%%
(* In the category $\mathbf{Lens}$, the classes of all epimorphisms, regular epimorphisms, strong epimorphisms and extremal epimorphisms coincide.
   Context: A lens $F\colon \mathbf{A}\to\mathbf{B}$ between small categories consists of a functor $F\colon\mathbf{A}\to\mathbf{B}$ (the get functor) together with, for each object $A$ of $\mathbf{A}$, a function $\varphi_{F,A}$ from the set of morphisms of $\mathbf{B}$ with domain $FA$ to the set of morphisms of $\mathbf{A}$ with domain $A$, such that: $F(\varphi_{F,A}b)=b$; $\varphi_{F,A}(\mathrm{id}_{FA})=\mathrm{id}_A$; and $\varphi_{F,A}(b'\circ b)=\varphi_{F,A'}(b')\circ\varphi_{F,A}(b)$ whenever $b$ has domain $FA$, $A'$ is the codomain of $\varphi_{F,A}b$, and $b'$ has domain $FA'$. $\mathbf{Lens}$ is the category of small categories and lenses, with composite of $F\colon\mathbf{A}\to\mathbf{B}$, $G\colon\mathbf{B}\to\mathbf{C}$ having get functor $G\circ F$ and puts $\varphi_{G\circ F,A}(c)=\varphi_{F,A}(\varphi_{G,FA}(c))$. *)

From Stdlib Require Import Eqdep.

Record Cat : Type := {
  Ob : Type;
  Hom : Ob -> Ob -> Type;
  idm : forall a, Hom a a;
  cmp : forall a b c, Hom b c -> Hom a b -> Hom a c;
  cmp_id_l : forall a b (f : Hom a b), cmp a b b (idm b) f = f;
  cmp_id_r : forall a b (f : Hom a b), cmp a a b f (idm a) = f;
  cmp_assoc : forall a b c d (f : Hom a b) (g : Hom b c) (h : Hom c d),
      cmp a c d h (cmp a b c g f) = cmp a b d (cmp b c d h g) f
}.
Arguments Hom {c0} _ _.
Arguments idm {c0} _.
Arguments cmp {c0 a b c} _ _.

(** A lens F : A -> B: a get functor (fo, fm) together with puts
    [put a b u] = φ_{F,a}(u) for u : F a -> b, returned as the dependent pair
    (codomain of φ_{F,a} u, φ_{F,a} u). *)
Record Lens (A B : Cat) : Type := {
  fo : Ob A -> Ob B;
  fm : forall a a' : Ob A, Hom a a' -> Hom (fo a) (fo a');
  fm_id : forall a, fm a a (idm a) = idm (fo a);
  fm_cmp : forall a b c (f : Hom a b) (g : Hom b c),
      fm a c (cmp g f) = cmp (fm b c g) (fm a b f);
  put : forall (a : Ob A) (b : Ob B), Hom (fo a) b -> {a' : Ob A & Hom a a'};
  (* F (φ b) = b *)
  put_lift : forall a b (u : Hom (fo a) b),
      existT (fun y => Hom (fo a) y)
        (fo (projT1 (put a b u))) (fm a _ (projT2 (put a b u)))
      = existT (fun y => Hom (fo a) y) b u;
  put_id : forall a, put a (fo a) (idm (fo a)) = existT (fun y => Hom a y) a (idm a);
  (* φ_{A}(b' o b) = φ_{A'}(b') o φ_A(b), where A' is the codomain of φ_A(b)
     (so b : F A -> F A') and b' has domain F A' *)
  put_cmp : forall a a' (u : Hom (fo a) (fo a')) (f : Hom a a'),
      put a (fo a') u = existT (fun y => Hom a y) a' f ->
      forall b (v : Hom (fo a') b),
        put a b (cmp v u)
        = existT (fun y => Hom a y) (projT1 (put a' b v))
                 (cmp (projT2 (put a' b v)) f)
}.
Arguments fo {A B} _ _.
Arguments fm {A B} _ {a a'} _.
Arguments put {A B} _ a {b} _.

Definition lid (A : Cat) : Lens A A.
Proof.
  refine {| fo := fun a => a;
            fm := fun a a' f => f;
            put := fun a b u => existT (fun y => Hom a y) b u |}.
  - reflexivity.
  - reflexivity.
  - reflexivity.
  - reflexivity.
  - intros a a' u f H b v. apply inj_pair2 in H. subst. reflexivity.
Defined.

(** Composite of F : A -> B and G : B -> C (diagrammatic order: [lcomp F G]
    is G o F), with get functor G o F and puts φ_{GF,a}(c) = φ_{F,a}(φ_{G,Fa}(c)). *)
Definition lcomp {A B C : Cat} (F : Lens A B) (G : Lens B C) : Lens A C.
Proof.
  refine {| fo := fun a => fo G (fo F a);
            fm := fun a a' f => fm G (fm F f);
            put := fun a c w =>
              put F a (projT2 (put G (fo F a) w)) |}.
  - intros a. rewrite (fm_id _ _ F), (fm_id _ _ G). reflexivity.
  - intros a b c f g. rewrite (fm_cmp _ _ F), (fm_cmp _ _ G). reflexivity.
  - intros a c w.
    pose proof (put_lift _ _ F a _ (projT2 (put G (fo F a) w))) as LF.
    pose proof (f_equal (fun s : {y : Ob B & Hom (fo F a) y} =>
        existT (fun z => Hom (fo G (fo F a)) z) (fo G (projT1 s)) (fm G (projT2 s))) LF)
      as LF'.
    simpl in LF'. rewrite LF'.
    exact (put_lift _ _ G (fo F a) c w).
  - intros a. simpl. rewrite (put_id _ _ G). simpl. exact (put_id _ _ F a).
  - intros a a' u f H c v. simpl in *.
    destruct (put G (fo F a) u) as [b1 g] eqn:EG. simpl in H.
    pose proof (put_lift _ _ F a b1 g) as LF. rewrite H in LF. simpl in LF.
    pose proof (projT1_eq LF) as e. simpl in e. subst b1.
    apply inj_pair2 in LF. subst g.
    rewrite (put_cmp _ _ G _ _ u _ EG c v).
    destruct (put G (fo F a') v) as [b2 w]. simpl.
    exact (put_cmp _ _ F a a' (fm F f) f H b2 w).
Defined.

Definition LensEpi {A B : Cat} (e : Lens A B) : Prop :=
  forall (C : Cat) (g h : Lens B C), lcomp e g = lcomp e h -> g = h.

Definition LensMono {A B : Cat} (m : Lens A B) : Prop :=
  forall (C : Cat) (g h : Lens C A), lcomp g m = lcomp h m -> g = h.

Definition LensIso {A B : Cat} (m : Lens A B) : Prop :=
  exists m' : Lens B A, lcomp m m' = lid A /\ lcomp m' m = lid B.

Definition LensRegularEpi {A B : Cat} (e : Lens A B) : Prop :=
  exists (C : Cat) (f g : Lens C A),
    lcomp f e = lcomp g e /\
    forall (D : Cat) (h : Lens A D), lcomp f h = lcomp g h ->
      exists! k : Lens B D, lcomp e k = h.

Definition LensStrongEpi {A B : Cat} (e : Lens A B) : Prop :=
  LensEpi e /\
  forall (C D : Cat) (m : Lens C D) (u : Lens A C) (v : Lens B D),
    LensMono m -> lcomp u m = lcomp e v ->
    exists d : Lens B C, lcomp e d = u /\ lcomp d m = v.

Definition LensExtremalEpi {A B : Cat} (e : Lens A B) : Prop :=
  LensEpi e /\
  forall (C : Cat) (g : Lens A C) (m : Lens C B),
    LensMono m -> lcomp g m = e -> LensIso m.

(** An epimorphism [e : A -> B] of lenses is surjective on objects. Its image
    is closed under the codomains of morphisms (puts lift them), and for any
    such forward-closed set [I] of objects one can double the objects of [B]
    outside [I]; the two lenses from [B] into the result that pick the first
    copy everywhere, resp. the second copy outside [I], agree after [e], so
    [I] must be everything.

    A lens [e] that is surjective on objects coequalizes its kernel pair
    [A x_B A], whose projections are lenses: a lens [h] with equal composites
    takes equal values on objects, morphisms and lifts that [e] identifies,
    so it factors through [e] along any section of [e] on objects.  Hence
    every epimorphism is regular, and regular => strong => extremal => epi
    holds in any category. *)

From Stdlib Require Import Eqdep FunctionalExtensionality PropExtensionality
  Classical ClassicalEpsilon.

(* Morphisms packed with their endpoints, to compare morphisms whose endpoints
   are only propositionally equal. *)
Definition arr {X : Cat} {x y : Ob X} (f : Hom x y) : {x : Ob X & {y : Ob X & Hom x y}} :=
  existT _ x (existT _ y f).

Section Arrows.
Context {X : Cat}.

Lemma arr_inj {x y : Ob X} (f g : Hom x y) : arr f = arr g -> f = g.
Proof. intro E. do 2 apply inj_pair2 in E. exact E. Qed.

Lemma arr_dom {x y x' y' : Ob X} (f : Hom x y) (g : Hom x' y') : arr f = arr g -> x = x'.
Proof. intro E. exact (f_equal (@projT1 _ _) E). Qed.

Lemma arr_cod {x y x' y' : Ob X} (f : Hom x y) (g : Hom x' y') : arr f = arr g -> y = y'.
Proof. intro E. exact (f_equal (fun s => projT1 (projT2 s)) E). Qed.

Lemma existT_Hom_arr {x y1 y2 : Ob X} (f1 : Hom x y1) (f2 : Hom x y2) :
  existT (fun y => Hom x y) y1 f1 = existT _ y2 f2 <-> arr f1 = arr f2.
Proof.
  split; intro E.
  - exact (f_equal (existT _ x) E).
  - apply inj_pair2 in E. exact E.
Qed.

Lemma arr_idm (x y : Ob X) : x = y -> arr (idm x) = arr (idm y).
Proof. now intros ->. Qed.

Lemma arr_cmp {a b c a' b' c' : Ob X}
  (f : Hom a b) (g : Hom b c) (f' : Hom a' b') (g' : Hom b' c') :
  arr f = arr f' -> arr g = arr g' -> arr (cmp g f) = arr (cmp g' f').
Proof.
  intros Ef Eg.
  destruct (arr_dom _ _ Ef), (arr_cod _ _ Ef), (arr_cod _ _ Eg).
  apply arr_inj in Ef. apply arr_inj in Eg. now subst.
Qed.

Definition cast_dom {x x' y : Ob X} (p : x = x') (f : Hom x y) : Hom x' y :=
  match p in _ = z return Hom z y with eq_refl => f end.

Definition cast_cod {x y y' : Ob X} (p : y = y') (f : Hom x y) : Hom x y' :=
  match p in _ = z return Hom x z with eq_refl => f end.

Lemma arr_cast_dom {x x' y : Ob X} (p : x = x') (f : Hom x y) : arr (cast_dom p f) = arr f.
Proof. now destruct p. Qed.

Lemma arr_cast_cod {x y y' : Ob X} (p : y = y') (f : Hom x y) : arr (cast_cod p f) = arr f.
Proof. now destruct p. Qed.

End Arrows.

Section LensBasics.
Context {A B : Cat}.

Lemma put_arr (L : Lens A B) a {b1 b2} (u1 : Hom (fo L a) b1) (u2 : Hom (fo L a) b2) :
  arr u1 = arr u2 -> put L a u1 = put L a u2.
Proof.
  intro E. apply existT_Hom_arr in E.
  pose proof (f_equal (@projT1 _ _) E) as Eb. simpl in Eb. subst b2.
  apply inj_pair2 in E. now subst.
Qed.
%%
From the records above, reproduce exactly the lines from the one with "existT (fun z" to the one with "exists d : Lens", both included, and no others.

YOUR RESPONSE =
        existT (fun z => Hom (fo G (fo F a)) z) (fo G (projT1 s)) (fm G (projT2 s))) LF)
      as LF'.
    simpl in LF'. rewrite LF'.
    exact (put_lift _ _ G (fo F a) c w).
  - intros a. simpl. rewrite (put_id _ _ G). simpl. exact (put_id _ _ F a).
  - intros a a' u f H c v. simpl in *.
    destruct (put G (fo F a) u) as [b1 g] eqn:EG. simpl in H.
    pose proof (put_lift _ _ F a b1 g) as LF. rewrite H in LF. simpl in LF.
    pose proof (projT1_eq LF) as e. simpl in e. subst b1.
    apply inj_pair2 in LF. subst g.
    rewrite (put_cmp _ _ G _ _ u _ EG c v).
    destruct (put G (fo F a') v) as [b2 w]. simpl.
    exact (put_cmp _ _ F a a' (fm F f) f H b2 w).
Defined.

Definition LensEpi {A B : Cat} (e : Lens A B) : Prop :=
  forall (C : Cat) (g h : Lens B C), lcomp e g = lcomp e h -> g = h.

Definition LensMono {A B : Cat} (m : Lens A B) : Prop :=
  forall (C : Cat) (g h : Lens C A), lcomp g m = lcomp h m -> g = h.

Definition LensIso {A B : Cat} (m : Lens A B) : Prop :=
  exists m' : Lens B A, lcomp m m' = lid A /\ lcomp m' m = lid B.

Definition LensRegularEpi {A B : Cat} (e : Lens A B) : Prop :=
  exists (C : Cat) (f g : Lens C A),
    lcomp f e = lcomp g e /\
    forall (D : Cat) (h : Lens A D), lcomp f h = lcomp g h ->
      exists! k : Lens B D, lcomp e k = h.

Definition LensStrongEpi {A B : Cat} (e : Lens A B) : Prop :=
  LensEpi e /\
  forall (C D : Cat) (m : Lens C D) (u : Lens A C) (v : Lens B D),
    LensMono m -> lcomp u m = lcomp e v ->
    exists d : Lens B C, lcomp e d = u /\ lcomp d m = v.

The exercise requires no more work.